◆ Work instructions:
Once the line with "tsum (ffun_cat l" is found in the entries below, repeat it and each following line exactly, up to and including the line with "then c else 0.". Add no other lines.

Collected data
----
Lemma rot_perm_invariant (Y : Type) (F : tup -> Y) :
  (forall t, F (tuple_rot t) = F t) ->
  {in <[rot_perm]>%g, forall a t, F ('P%act t a) = F t}.
Proof.
move=> invF _ /cycleP[k ->] t /=; rewrite apermE.
elim: k => [|k IHk]; first by rewrite expg0 perm1.
by rewrite expgSr permM permE invF.
Qed.

Lemma rot_perm_fix_const t i j : t \in 'Fix_('P)(<[rot_perm]>)%g -> t i = t j.
Proof.
move=> /afixP/(_ rot_perm (cycle_id _)) /=; rewrite apermE permE => /ffunP rot_t.
have rot_iter k : t (iter k (@ordS p) i) = t i.
  by elim: k => [|k IHk] //=; rewrite -IHk -[RHS]rot_t ffunE.
rewrite -(rot_iter (p - i + j)); congr (t _); apply: ord_inj.
by rewrite iter_ordS addnA subnKC 1?ltnW // modnDl modn_small.
Qed.

End TupleRotation.

Section FfunCat.

Variables (T : Type) (a b : nat).

Definition ffun_cat (l : {ffun 'I_a -> T}) (r : {ffun 'I_b -> T}) : {ffun 'I_(a + b) -> T} :=
  [ffun i => match split i with inl i => l i | inr i => r i end].

Lemma ffun_cat_lshift l r i : ffun_cat l r (lshift b i) = l i.
Proof. by rewrite ffunE (unsplitK (inl _ i)). Qed.

Lemma ffun_cat_rshift l r i : ffun_cat l r (rshift a i) = r i.
Proof. by rewrite ffunE (unsplitK (inr _ i)). Qed.

End FfunCat.

Lemma sum_ffun_cat (T : finType) a b (F : {ffun 'I_(a + b) -> T} -> nat) :
  \sum_t F t = \sum_l \sum_r F (ffun_cat l r).
Proof.
rewrite pair_big (reindex (fun lr => ffun_cat lr.1 lr.2)) //=.
exists (fun t => ([ffun i => t (lshift b i)], [ffun i => t (rshift a i)])) => [[l r] _|t _].
  by congr pair; apply/ffunP => i; rewrite ffunE (ffun_cat_lshift, ffun_cat_rshift).
apply/ffunP => i /=.
by case: (split_ordP i) => j ->; rewrite (ffun_cat_lshift, ffun_cat_rshift) ffunE.
Qed.

Section Vectors.

Variable N : nat.
Implicit Types (x y u v : vec N) (h : vec N -> nat).

Definition vleq x y := [forall j, x j <= y j].
Definition vadd x y : vec N := [ffun j => x j + y j].
Definition vsub x y : vec N := [ffun j => x j - y j].
Definition vdvdn d x := [forall j, d %| x j].

Notation box K := {ffun 'I_N -> 'I_K.+1}.

Definition bval K (y : box K) : vec N := [ffun j => (y j : nat)].

Definition tsum K k (t : {ffun 'I_k -> box K}) : vec N := [ffun j => \sum_(i < k) (t i j : nat)].

Definition tweight K h k (t : {ffun 'I_k -> box K}) := \prod_(i < k) h (bval (t i)).

(* [gbinom h k x] sums over tuples of vectors in a box sized by x itself;
   [box_gbinom K] fixes one box for all the vectors in a computation. *)
Definition box_gbinom K h k x := \sum_(t : {ffun 'I_k -> box K} | tsum t == x) tweight h t.

Lemma leq_vmax x j : x j <= \max_(i < N) x i.
Proof. exact: leq_bigmax. Qed.

Lemma vdvdn_subl d x y : vleq y x -> vdvdn d y -> vdvdn d (vsub x y) = vdvdn d x.
Proof.
move=> /forallP le_yx /forallP dvd_y; apply: eq_forallb => j.
by rewrite ffunE dvdn_subl.
Qed.

Lemma vdvdn_subr d x y : vleq y x -> vdvdn d x -> vdvdn d (vsub x y) = vdvdn d y.
Proof.
move=> /forallP le_yx /forallP dvd_x; apply: eq_forallb => j.
by rewrite ffunE dvdn_subr.
Qed.

Lemma vdvdn_scale d x : vdvdn d (vscale d x).
Proof. by apply/forallP => j; rewrite ffunE dvdn_mulr. Qed.

Lemma vsub_scale d x y : vsub (vscale d x) (vscale d y) = vscale d (vsub x y).
Proof. by apply/ffunP => j; rewrite !ffunE mulnBr. Qed.

Lemma bval_inj K : injective (@bval K).
Proof.
move=> y1 y2 /ffunP eq_y; apply/ffunP => j; apply: ord_inj.
by have := eq_y j; rewrite !ffunE.
Qed.

Lemma bval_le K (y : box K) j : bval y j <= K.
Proof. by rewrite ffunE -ltnS. Qed.

Lemma vsub_le K x y : (forall j, x j <= K) -> forall j, vsub x y j <= K.
Proof. by move=> lexK j; rewrite ffunE (leq_trans (leq_subr _ _)). Qed.

Lemma gbinom_boxE h k x : gbinom h k x = box_gbinom (\max_(j < N) x j) h k x.
Proof.
apply: eq_bigl => t; apply/forallP/eqP => [sum_t|/ffunP eq_t j].
  by apply/ffunP => j; rewrite ffunE; apply/eqP.
by rewrite -eq_t ffunE.
Qed.

Lemma tsum_ge K k (t : {ffun 'I_k -> box K}) i j : t i j <= tsum t j.
Proof. by rewrite ffunE (bigD1 i) //= leq_addr. Qed.

Lemma box_gbinom_widen K K' h k x : K <= K' -> (forall j, x j <= K) ->
  box_gbinom K' h k x = box_gbinom K h k x.
Proof.
move=> leKK' lexK; have leKK'1 : K.+1 <= K'.+1 by [].
pose widen (t : {ffun 'I_k -> box K}) : {ffun 'I_k -> box K'} :=
  [ffun i => [ffun j => widen_ord leKK'1 (t i j)]].
pose narrow (t : {ffun 'I_k -> box K'}) : {ffun 'I_k -> box K} :=
  [ffun i => [ffun j => inord (t i j)]].
have tsum_widen t : tsum (widen t) = tsum t.
  by apply/ffunP => j; rewrite !ffunE; apply: eq_bigr => i _; rewrite !ffunE.
rewrite /box_gbinom (reindex_onto widen narrow) => [|t /eqP tsum_t]; last first.
  apply/ffunP => i; apply/ffunP => j; apply: ord_inj; rewrite !ffunE /= inordK //.
  by rewrite ltnS (leq_trans (tsum_ge t i j)) // tsum_t.
apply: eq_big => [t|t _].
  rewrite tsum_widen andb_idr // => _; apply/eqP/ffunP => i; apply/ffunP => j.
  by apply: ord_inj; rewrite !ffunE /= inordK.
by apply: eq_bigr => i _; congr h; apply/ffunP => j; rewrite !ffunE.
Qed.

Lemma gbinom_box K h k x : (forall j, x j <= K) -> gbinom h k x = box_gbinom K h k x.
Proof.
move=> lexK; rewrite gbinom_boxE [RHS](@box_gbinom_widen (\max_(j < N) x j) K) //.
  exact/bigmax_leqP.
exact: leq_vmax.
Qed.

Lemma gbinom0 h x : gbinom h 0 x = [forall j, x j == 0].
Proof.
rewrite gbinom_boxE /box_gbinom big_mkcond /=.
under eq_bigr => t _.
  have -> : (tsum t == x) = [forall j, x j == 0].
    apply/eqP/forallP => [/ffunP eq_t j|x0]; first by rewrite -eq_t ffunE big_ord0.
    by apply/ffunP => j; rewrite ffunE big_ord0 (eqP (x0 j)).
  rewrite /tweight big_ord0; over.
by rewrite sum_nat_const card_ffun card_ord expn0 mul1n; case: forallP.
Qed.

Lemma box_gbinom1 K h x : (forall j, x j <= K) -> box_gbinom K h 1 x = h x.
Proof.
move=> lexK; pose t0 : {ffun 'I_1 -> box K} := [ffun _ => [ffun j => inord (x j)]].
have bval_t0 : bval (t0 ord0) = x by apply/ffunP => j; rewrite !ffunE inordK ?ltnS.
rewrite /box_gbinom (big_pred1 t0) => [|t]; first by rewrite /tweight big_ord1 bval_t0.
apply/eqP/eqP => [/ffunP tsum_t|->].
  apply/ffunP => i; apply/ffunP => j; apply: ord_inj.
  by rewrite (ord1 i) !ffunE -tsum_t ffunE big_ord1 inordK.
by apply/ffunP => j; rewrite !ffunE big_ord1 !ffunE inordK ?ltnS.
Qed.

Lemma gbinom1 h x : gbinom h 1 x = h x.
Proof. by rewrite (gbinom_box _ _ (leq_vmax x)) box_gbinom1 //; exact: leq_vmax. Qed.

Lemma tsum_cat K a b (l : {ffun 'I_a -> box K}) (r : {ffun 'I_b -> box K}) :
  tsum (ffun_cat l r) = vadd (tsum l) (tsum r).
Proof.
apply/ffunP => j; rewrite !ffunE big_split_ord.
by congr (_ + _); apply: eq_bigr => i _; rewrite (ffun_cat_lshift, ffun_cat_rshift).
Qed.

Lemma tweight_cat K h a b (l : {ffun 'I_a -> box K}) (r : {ffun 'I_b -> box K}) :
  tweight h (ffun_cat l r) = tweight h l * tweight h r.
Proof.
rewrite /tweight big_split_ord.
by congr (_ * _); apply: eq_bigr => i _; rewrite (ffun_cat_lshift, ffun_cat_rshift).
Qed.

Lemma sum_box_vsub_if K u v x (c : nat) : (forall j, x j <= K) ->
  \sum_(y : box K | vleq (bval y) x) (if (u == bval y) && (v == vsub x (bval y)) then c else 0)
    = if vadd u v == x then c else 0.
Proof.
move=> lexK; have [uv_x|uv_x] := eqP; last first.
  apply: big1 => y /forallP le_yx; case: ifP => // /andP[/eqP u_y /eqP v_xy].
  case: uv_x; apply/ffunP => j; have := le_yx j.
  by rewrite !ffunE u_y v_xy !ffunE => /subnKC.
have le_ux j : u j <= x j by rewrite -uv_x ffunE leq_addr.
pose y0 : box K := [ffun j => inord (u j)].
have bval_y0 : bval y0 = u.
  by apply/ffunP => j; rewrite !ffunE inordK // ltnS (leq_trans (le_ux j)).
rewrite (bigD1 y0) /=; last by rewrite bval_y0; apply/forallP.
rewrite bval_y0 eqxx /= ifT; last first.
  by apply/eqP/ffunP => j; rewrite -uv_x !ffunE addKn.
rewrite big1 ?addn0 // => y /andP[_ ne_y]; case: ifP => // /andP[/eqP u_y _].
by rewrite (bval_inj (etrans bval_y0 u_y)) eqxx in ne_y.
Qed.

Lemma gbinomD K h a b x : (forall j, x j <= K) ->
  gbinom h (a + b) x
    = \sum_(y : box K | vleq (bval y) x) gbinom h a (bval y) * gbinom h b (vsub x (bval y)).
Proof.
move=> lexK; rewrite (gbinom_box _ _ lexK) /box_gbinom big_mkcond sum_ffun_cat.
under eq_bigr => l _ do under eq_bigr => r _ do
  rewrite tsum_cat tweight_cat -(sum_box_vsub_if _ _ _ lexK).
under eq_bigr do rewrite exchange_big.
rewrite exchange_big; apply: eq_bigr => y _.
rewrite !(gbinom_box _ _ (bval_le y), gbinom_box _ _ (vsub_le (bval y) lexK)).
rewrite /box_gbinom big_distrl [RHS]big_mkcond; apply: eq_bigr => l _ /=.
case: eqP => _; last by rewrite big1.
by rewrite big_distrr [RHS]big_mkcond; apply: eq_bigr => r _; case: eqP.
Qed.

Lemma tsum_rot K p (t : {ffun 'I_p -> box K}) : tsum (tuple_rot t) = tsum t.
Proof. by apply/ffunP => j; rewrite !ffunE (big_tuple_rot _ (fun y : box K => (y j : nat))). Qed.

Lemma tweight_rot K h p (t : {ffun 'I_p -> box K}) : tweight h (tuple_rot t) = tweight h t.
Proof. exact: (big_tuple_rot _ (fun y : box K => h (bval y))). Qed.

Lemma dvdn_gbinom_prime h p x : prime p -> ~~ vdvdn p x -> p %| gbinom h p x.
Proof.
move=> p_pr ndvd_x; rewrite (gbinom_box _ _ (leq_vmax x)) /box_gbinom.
set K := \max_(j < N) x j; set S := [set t : {ffun 'I_p -> box K} | tsum t == x].
have actsS : [acts <[rot_perm (box K) p]>, on S | 'P]%g.
  apply/actsP => a rot_a t; rewrite !inE.
  by rewrite (rot_perm_invariant (@tsum_rot K p)).
have no_fix : 'Fix_(S | 'P)(<[rot_perm (box K) p]>)%g = set0.
  apply/setP => t; rewrite in_setI in_set0 inE; apply/andP => -[/eqP tsum_t fix_t].
  have i0 : 'I_p := Ordinal (prime_gt0 p_pr).
  case/negP: ndvd_x; apply/forallP => j; rewrite -tsum_t ffunE.
  rewrite (eq_bigr (fun=> (t i0 j : nat))) => [|i _].
    by rewrite sum_nat_const card_ord dvdn_mulr.
  by rewrite (rot_perm_fix_const i i0 fix_t).
rewrite (eq_bigl (fun t => t \in S)) => [|t]; last by rewrite inE.
rewrite /dvdn (pgroup_fix_sum_mod (rot_perm_pgroup _ p_pr) actsS).
  by rewrite no_fix big_set0 mod0n.
exact: rot_perm_invariant (@tweight_rot K h p).
Qed.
----
◆ Answer to this exercise:
  tsum (ffun_cat l r) = vadd (tsum l) (tsum r).
Proof.
apply/ffunP => j; rewrite !ffunE big_split_ord.
by congr (_ + _); apply: eq_bigr => i _; rewrite (ffun_cat_lshift, ffun_cat_rshift).
Qed.

Lemma tweight_cat K h a b (l : {ffun 'I_a -> box K}) (r : {ffun 'I_b -> box K}) :
  tweight h (ffun_cat l r) = tweight h l * tweight h r.
Proof.
rewrite /tweight big_split_ord.
by congr (_ * _); apply: eq_bigr => i _; rewrite (ffun_cat_lshift, ffun_cat_rshift).
Qed.

Lemma sum_box_vsub_if K u v x (c : nat) : (forall j, x j <= K) ->
  \sum_(y : box K | vleq (bval y) x) (if (u == bval y) && (v == vsub x (bval y)) then c else 0)
    = if vadd u v == x then c else 0.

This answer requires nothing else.